- WHAT YOU NEED TO DO
There is one span to output from the data below: the lines starting at the line with "Definition sub_rank n" and ending at the line with "[seq (evec ij.1". Output it exactly, ends included, nothing more.

= = = = =

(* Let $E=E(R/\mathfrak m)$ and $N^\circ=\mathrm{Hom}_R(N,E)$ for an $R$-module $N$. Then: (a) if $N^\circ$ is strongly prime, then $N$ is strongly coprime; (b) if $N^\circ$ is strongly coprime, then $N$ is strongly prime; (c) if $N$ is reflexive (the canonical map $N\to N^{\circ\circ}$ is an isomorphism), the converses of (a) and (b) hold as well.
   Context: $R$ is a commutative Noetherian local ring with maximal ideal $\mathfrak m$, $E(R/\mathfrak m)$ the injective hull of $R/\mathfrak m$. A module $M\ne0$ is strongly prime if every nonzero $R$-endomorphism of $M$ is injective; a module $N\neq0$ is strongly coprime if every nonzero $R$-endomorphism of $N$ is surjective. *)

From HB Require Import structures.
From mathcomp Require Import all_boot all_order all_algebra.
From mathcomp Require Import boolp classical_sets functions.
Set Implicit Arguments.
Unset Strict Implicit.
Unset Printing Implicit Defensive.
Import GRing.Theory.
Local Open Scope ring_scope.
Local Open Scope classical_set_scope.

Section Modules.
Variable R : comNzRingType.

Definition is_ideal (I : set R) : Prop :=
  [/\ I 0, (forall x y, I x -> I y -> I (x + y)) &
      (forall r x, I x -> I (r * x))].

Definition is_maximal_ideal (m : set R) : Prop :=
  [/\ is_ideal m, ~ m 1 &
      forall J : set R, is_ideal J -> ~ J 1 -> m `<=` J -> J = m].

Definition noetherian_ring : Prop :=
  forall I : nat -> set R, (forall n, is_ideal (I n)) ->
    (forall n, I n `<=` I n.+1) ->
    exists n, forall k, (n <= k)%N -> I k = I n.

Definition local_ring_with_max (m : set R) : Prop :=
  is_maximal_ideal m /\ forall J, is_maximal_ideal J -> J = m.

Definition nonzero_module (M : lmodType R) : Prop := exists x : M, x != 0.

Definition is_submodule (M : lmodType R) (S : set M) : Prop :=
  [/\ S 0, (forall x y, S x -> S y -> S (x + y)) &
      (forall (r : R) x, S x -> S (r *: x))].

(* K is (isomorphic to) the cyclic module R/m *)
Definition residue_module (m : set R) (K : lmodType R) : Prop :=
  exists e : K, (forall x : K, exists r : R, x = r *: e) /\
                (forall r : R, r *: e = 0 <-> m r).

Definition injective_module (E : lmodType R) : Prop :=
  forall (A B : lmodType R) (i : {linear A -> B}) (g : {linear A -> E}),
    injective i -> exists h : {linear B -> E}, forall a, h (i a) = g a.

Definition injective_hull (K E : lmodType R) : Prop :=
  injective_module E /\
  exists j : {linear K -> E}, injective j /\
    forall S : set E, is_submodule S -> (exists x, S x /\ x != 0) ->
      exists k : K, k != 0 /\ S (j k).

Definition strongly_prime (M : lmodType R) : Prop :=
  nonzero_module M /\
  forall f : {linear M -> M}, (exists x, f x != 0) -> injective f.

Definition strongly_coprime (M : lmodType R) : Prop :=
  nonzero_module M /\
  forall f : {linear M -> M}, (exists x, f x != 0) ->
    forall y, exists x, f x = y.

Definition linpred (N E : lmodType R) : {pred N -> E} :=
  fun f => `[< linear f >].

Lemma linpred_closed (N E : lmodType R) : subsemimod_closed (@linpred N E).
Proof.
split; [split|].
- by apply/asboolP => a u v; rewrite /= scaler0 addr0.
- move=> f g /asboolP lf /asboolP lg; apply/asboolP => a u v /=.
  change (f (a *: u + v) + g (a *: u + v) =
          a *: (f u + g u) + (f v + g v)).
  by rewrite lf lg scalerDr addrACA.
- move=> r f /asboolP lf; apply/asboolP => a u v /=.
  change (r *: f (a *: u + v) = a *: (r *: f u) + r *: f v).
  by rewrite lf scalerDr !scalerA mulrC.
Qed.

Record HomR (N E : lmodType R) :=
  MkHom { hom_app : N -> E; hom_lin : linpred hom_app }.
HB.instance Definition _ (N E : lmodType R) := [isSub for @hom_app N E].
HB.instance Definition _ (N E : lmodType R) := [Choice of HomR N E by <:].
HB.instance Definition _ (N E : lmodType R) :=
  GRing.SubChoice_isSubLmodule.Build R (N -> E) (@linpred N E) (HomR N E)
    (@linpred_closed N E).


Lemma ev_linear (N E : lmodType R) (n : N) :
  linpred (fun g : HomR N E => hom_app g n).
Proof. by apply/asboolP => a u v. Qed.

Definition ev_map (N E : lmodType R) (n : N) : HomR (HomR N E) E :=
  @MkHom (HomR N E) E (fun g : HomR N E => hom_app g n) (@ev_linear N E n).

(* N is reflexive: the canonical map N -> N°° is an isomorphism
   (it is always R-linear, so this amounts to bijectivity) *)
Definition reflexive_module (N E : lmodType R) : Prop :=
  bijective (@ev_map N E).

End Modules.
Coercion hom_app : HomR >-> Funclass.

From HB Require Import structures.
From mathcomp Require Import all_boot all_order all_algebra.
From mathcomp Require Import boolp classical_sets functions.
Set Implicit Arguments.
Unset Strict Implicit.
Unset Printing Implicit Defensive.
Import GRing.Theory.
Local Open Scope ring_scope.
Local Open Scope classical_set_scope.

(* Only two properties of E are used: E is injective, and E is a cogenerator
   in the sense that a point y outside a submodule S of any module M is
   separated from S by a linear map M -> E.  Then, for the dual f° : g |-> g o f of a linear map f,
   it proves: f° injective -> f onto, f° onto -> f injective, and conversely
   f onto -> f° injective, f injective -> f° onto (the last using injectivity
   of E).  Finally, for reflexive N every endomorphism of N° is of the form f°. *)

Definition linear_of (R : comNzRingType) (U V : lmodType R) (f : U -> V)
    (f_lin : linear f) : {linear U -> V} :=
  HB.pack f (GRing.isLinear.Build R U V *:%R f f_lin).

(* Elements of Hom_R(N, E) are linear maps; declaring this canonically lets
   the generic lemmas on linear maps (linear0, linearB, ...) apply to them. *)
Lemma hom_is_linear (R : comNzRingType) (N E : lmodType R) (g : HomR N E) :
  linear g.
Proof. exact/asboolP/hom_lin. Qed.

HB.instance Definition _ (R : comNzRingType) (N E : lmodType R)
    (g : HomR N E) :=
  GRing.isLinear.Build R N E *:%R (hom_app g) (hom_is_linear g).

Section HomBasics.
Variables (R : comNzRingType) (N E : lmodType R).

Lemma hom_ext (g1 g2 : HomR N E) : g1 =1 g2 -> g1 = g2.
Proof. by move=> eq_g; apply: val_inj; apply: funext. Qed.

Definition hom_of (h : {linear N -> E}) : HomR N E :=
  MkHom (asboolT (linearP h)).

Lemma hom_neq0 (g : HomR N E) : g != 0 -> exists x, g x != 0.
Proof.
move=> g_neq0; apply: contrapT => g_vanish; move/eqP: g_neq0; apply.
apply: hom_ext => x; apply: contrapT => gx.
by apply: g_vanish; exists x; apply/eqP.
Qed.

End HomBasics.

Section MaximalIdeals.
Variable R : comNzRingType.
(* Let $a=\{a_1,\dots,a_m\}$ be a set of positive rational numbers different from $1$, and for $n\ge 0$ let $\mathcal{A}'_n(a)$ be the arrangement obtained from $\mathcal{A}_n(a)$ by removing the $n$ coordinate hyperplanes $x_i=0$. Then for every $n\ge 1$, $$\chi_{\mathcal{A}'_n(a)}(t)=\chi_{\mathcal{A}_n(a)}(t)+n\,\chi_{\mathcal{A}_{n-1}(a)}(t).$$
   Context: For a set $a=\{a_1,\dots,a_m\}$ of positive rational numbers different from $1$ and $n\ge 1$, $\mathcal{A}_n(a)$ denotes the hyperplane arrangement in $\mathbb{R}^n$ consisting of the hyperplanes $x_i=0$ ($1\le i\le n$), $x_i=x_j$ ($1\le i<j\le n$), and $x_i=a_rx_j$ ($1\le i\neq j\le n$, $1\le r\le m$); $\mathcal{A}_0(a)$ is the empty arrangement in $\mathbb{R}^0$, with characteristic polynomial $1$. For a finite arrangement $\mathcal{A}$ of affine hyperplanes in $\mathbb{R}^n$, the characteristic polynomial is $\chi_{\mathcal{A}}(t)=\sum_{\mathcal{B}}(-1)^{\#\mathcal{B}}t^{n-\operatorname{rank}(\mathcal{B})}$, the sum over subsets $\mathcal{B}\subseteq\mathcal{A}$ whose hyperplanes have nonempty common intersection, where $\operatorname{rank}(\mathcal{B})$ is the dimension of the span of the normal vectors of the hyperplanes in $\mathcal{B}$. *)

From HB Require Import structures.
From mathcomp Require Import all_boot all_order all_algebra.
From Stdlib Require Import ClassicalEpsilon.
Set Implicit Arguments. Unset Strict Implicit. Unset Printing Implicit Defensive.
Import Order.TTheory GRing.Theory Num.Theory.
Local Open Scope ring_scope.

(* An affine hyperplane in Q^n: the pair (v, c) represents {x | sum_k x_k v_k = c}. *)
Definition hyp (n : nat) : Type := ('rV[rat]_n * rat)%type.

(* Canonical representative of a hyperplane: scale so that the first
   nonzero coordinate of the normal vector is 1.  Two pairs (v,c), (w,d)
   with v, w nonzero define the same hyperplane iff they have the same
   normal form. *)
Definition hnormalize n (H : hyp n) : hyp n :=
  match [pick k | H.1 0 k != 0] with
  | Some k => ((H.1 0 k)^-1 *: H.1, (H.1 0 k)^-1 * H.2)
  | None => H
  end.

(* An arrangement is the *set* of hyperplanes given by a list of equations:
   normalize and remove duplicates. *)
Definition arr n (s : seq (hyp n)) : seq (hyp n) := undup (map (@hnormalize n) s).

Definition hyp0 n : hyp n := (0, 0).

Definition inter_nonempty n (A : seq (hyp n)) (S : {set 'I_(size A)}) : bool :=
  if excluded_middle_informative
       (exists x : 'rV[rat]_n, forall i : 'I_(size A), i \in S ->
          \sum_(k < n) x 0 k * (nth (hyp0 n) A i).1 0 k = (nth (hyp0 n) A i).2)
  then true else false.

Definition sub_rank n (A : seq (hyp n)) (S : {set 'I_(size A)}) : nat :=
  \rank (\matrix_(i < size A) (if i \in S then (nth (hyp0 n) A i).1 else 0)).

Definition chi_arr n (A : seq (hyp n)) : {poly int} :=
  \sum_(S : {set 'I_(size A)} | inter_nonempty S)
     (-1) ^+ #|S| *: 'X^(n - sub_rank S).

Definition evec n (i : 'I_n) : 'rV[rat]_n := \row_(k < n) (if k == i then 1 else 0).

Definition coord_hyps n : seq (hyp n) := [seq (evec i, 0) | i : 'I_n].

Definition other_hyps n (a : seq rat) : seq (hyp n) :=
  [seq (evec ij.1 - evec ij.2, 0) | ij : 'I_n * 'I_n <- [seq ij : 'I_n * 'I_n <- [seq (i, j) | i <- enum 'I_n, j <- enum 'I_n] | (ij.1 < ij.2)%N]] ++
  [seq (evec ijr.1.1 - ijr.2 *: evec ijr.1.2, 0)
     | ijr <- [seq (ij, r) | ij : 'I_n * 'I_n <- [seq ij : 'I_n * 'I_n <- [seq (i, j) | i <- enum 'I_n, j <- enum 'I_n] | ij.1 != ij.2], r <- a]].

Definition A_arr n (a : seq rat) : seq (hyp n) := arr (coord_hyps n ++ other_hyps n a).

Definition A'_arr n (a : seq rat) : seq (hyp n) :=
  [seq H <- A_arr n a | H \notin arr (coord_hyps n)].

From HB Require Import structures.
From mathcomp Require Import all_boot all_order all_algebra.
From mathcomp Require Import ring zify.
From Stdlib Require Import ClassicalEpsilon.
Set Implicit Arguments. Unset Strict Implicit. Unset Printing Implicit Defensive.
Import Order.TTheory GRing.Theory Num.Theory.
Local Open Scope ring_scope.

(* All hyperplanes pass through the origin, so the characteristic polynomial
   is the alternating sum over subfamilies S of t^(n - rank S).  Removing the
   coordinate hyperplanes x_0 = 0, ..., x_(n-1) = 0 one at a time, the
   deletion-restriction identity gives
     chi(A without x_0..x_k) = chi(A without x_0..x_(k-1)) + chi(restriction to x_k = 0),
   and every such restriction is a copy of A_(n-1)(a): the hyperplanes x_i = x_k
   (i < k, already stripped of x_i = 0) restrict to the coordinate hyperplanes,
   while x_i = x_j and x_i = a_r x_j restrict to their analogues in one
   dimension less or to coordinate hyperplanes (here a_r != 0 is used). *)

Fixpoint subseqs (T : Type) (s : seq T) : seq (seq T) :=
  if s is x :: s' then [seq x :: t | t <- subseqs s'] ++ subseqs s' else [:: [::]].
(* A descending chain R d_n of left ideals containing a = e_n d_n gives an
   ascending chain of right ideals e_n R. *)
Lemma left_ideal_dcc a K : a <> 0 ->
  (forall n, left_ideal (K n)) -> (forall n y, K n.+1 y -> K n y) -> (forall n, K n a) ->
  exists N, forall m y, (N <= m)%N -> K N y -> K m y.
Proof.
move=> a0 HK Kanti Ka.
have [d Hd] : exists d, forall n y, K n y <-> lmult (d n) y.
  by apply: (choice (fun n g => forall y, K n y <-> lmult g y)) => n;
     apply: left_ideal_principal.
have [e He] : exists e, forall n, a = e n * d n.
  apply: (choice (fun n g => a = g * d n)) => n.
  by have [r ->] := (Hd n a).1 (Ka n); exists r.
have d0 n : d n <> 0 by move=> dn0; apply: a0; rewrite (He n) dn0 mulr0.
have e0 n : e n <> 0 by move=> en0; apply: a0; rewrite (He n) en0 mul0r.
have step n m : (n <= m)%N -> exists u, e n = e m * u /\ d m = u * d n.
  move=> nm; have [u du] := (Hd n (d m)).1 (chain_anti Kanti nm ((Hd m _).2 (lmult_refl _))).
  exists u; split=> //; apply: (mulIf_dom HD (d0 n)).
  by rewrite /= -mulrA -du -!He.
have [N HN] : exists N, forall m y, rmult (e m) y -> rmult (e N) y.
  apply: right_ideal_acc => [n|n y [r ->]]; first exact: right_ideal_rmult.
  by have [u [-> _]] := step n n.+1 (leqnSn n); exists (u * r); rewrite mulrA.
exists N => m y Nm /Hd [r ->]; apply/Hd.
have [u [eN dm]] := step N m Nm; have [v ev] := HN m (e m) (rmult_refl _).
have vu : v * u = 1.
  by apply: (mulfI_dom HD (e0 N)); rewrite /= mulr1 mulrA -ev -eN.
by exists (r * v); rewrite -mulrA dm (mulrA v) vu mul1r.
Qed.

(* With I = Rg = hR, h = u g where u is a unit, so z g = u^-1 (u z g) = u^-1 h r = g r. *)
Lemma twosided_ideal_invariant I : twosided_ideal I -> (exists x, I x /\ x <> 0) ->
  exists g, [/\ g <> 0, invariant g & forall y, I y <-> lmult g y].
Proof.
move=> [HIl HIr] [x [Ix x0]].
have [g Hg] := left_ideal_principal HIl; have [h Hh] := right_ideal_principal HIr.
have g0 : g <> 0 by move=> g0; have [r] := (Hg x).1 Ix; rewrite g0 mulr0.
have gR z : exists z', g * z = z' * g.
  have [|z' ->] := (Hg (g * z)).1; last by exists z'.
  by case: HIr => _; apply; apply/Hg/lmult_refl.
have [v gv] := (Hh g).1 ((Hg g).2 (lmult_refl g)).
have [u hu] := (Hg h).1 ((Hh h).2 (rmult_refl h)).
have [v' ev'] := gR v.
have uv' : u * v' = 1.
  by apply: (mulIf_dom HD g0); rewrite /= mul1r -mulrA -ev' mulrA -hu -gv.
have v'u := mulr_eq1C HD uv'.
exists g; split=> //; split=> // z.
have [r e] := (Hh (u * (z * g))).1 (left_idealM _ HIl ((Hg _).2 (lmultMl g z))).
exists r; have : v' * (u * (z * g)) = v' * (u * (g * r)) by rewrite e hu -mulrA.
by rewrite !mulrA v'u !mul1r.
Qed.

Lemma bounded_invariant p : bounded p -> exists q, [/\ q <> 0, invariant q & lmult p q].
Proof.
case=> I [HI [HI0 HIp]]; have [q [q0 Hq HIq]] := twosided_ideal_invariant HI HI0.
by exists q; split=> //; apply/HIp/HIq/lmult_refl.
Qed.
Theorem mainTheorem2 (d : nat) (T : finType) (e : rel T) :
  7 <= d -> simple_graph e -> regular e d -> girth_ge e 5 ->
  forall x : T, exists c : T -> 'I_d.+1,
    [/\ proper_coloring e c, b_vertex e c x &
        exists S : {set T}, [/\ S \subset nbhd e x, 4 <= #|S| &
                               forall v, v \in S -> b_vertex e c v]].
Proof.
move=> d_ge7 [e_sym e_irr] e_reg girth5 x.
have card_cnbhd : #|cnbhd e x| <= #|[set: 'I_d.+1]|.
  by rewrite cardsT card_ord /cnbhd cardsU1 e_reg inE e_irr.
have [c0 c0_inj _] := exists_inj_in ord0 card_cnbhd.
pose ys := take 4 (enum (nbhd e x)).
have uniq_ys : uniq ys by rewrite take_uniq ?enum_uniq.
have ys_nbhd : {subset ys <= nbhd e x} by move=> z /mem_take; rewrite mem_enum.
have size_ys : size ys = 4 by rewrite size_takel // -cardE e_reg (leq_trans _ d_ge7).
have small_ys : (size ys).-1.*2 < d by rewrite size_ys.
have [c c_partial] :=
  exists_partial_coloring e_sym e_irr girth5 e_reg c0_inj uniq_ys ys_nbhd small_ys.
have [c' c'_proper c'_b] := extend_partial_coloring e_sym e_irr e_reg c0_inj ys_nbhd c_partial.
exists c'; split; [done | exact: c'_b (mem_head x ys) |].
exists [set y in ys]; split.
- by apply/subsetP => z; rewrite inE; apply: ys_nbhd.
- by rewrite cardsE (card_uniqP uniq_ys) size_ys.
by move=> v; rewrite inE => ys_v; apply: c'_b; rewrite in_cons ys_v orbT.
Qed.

= = = = =

- RESPONSE TO THE TASK
Definition sub_rank n (A : seq (hyp n)) (S : {set 'I_(size A)}) : nat :=
  \rank (\matrix_(i < size A) (if i \in S then (nth (hyp0 n) A i).1 else 0)).

Definition chi_arr n (A : seq (hyp n)) : {poly int} :=
  \sum_(S : {set 'I_(size A)} | inter_nonempty S)
     (-1) ^+ #|S| *: 'X^(n - sub_rank S).

Definition evec n (i : 'I_n) : 'rV[rat]_n := \row_(k < n) (if k == i then 1 else 0).

Definition coord_hyps n : seq (hyp n) := [seq (evec i, 0) | i : 'I_n].

Definition other_hyps n (a : seq rat) : seq (hyp n) :=
  [seq (evec ij.1 - evec ij.2, 0) | ij : 'I_n * 'I_n <- [seq ij : 'I_n * 'I_n <- [seq (i, j) | i <- enum 'I_n, j <- enum 'I_n] | (ij.1 < ij.2)%N]] ++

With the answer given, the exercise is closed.